- [Problem description] Tally the lines of the listing below in which the string "Variables" occurs, and give the tally alone.

- [The data]
════════

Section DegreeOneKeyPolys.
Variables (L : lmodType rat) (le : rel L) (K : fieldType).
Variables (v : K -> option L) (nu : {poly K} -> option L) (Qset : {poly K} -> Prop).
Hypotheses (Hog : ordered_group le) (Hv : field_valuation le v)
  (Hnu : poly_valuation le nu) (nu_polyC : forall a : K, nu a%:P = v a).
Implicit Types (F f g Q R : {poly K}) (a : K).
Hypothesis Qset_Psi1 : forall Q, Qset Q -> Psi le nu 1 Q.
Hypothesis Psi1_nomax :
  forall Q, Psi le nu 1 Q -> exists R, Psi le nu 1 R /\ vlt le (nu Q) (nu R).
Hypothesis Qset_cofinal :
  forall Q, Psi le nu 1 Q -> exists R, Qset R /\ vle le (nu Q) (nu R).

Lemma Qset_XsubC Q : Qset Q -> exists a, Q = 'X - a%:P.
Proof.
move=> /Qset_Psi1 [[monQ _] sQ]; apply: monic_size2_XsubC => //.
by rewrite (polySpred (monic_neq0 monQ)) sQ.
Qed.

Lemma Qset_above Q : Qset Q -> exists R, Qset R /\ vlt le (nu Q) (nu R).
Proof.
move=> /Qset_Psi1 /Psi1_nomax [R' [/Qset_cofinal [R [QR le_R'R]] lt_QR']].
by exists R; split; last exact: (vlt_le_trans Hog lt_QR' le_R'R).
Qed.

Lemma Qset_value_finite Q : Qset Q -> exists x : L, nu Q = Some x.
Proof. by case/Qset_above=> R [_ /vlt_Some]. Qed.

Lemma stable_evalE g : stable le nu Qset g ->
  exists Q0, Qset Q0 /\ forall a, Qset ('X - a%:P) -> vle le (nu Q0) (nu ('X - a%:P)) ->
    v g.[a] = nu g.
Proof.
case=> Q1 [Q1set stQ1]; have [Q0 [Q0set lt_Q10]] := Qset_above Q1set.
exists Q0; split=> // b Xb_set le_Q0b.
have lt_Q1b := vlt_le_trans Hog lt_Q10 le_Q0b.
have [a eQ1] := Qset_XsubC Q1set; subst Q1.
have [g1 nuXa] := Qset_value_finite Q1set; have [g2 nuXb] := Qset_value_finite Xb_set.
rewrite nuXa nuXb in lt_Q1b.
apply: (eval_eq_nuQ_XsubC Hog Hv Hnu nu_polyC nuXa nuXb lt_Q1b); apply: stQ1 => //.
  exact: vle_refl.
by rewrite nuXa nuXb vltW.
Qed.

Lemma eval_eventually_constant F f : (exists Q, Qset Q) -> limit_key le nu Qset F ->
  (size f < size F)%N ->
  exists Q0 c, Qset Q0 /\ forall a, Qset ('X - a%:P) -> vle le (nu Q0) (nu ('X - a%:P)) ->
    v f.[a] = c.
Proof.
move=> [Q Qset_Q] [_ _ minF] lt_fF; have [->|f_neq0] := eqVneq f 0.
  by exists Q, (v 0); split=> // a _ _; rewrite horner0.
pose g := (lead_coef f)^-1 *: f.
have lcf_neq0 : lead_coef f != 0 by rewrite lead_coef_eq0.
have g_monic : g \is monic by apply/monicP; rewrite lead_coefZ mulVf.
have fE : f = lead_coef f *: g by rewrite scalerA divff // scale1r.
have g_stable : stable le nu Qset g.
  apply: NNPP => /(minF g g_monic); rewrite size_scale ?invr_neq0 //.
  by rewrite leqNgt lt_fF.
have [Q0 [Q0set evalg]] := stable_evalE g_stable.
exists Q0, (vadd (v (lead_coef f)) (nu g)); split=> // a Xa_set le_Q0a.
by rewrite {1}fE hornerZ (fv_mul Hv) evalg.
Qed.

════════

- [Solved exercise] 2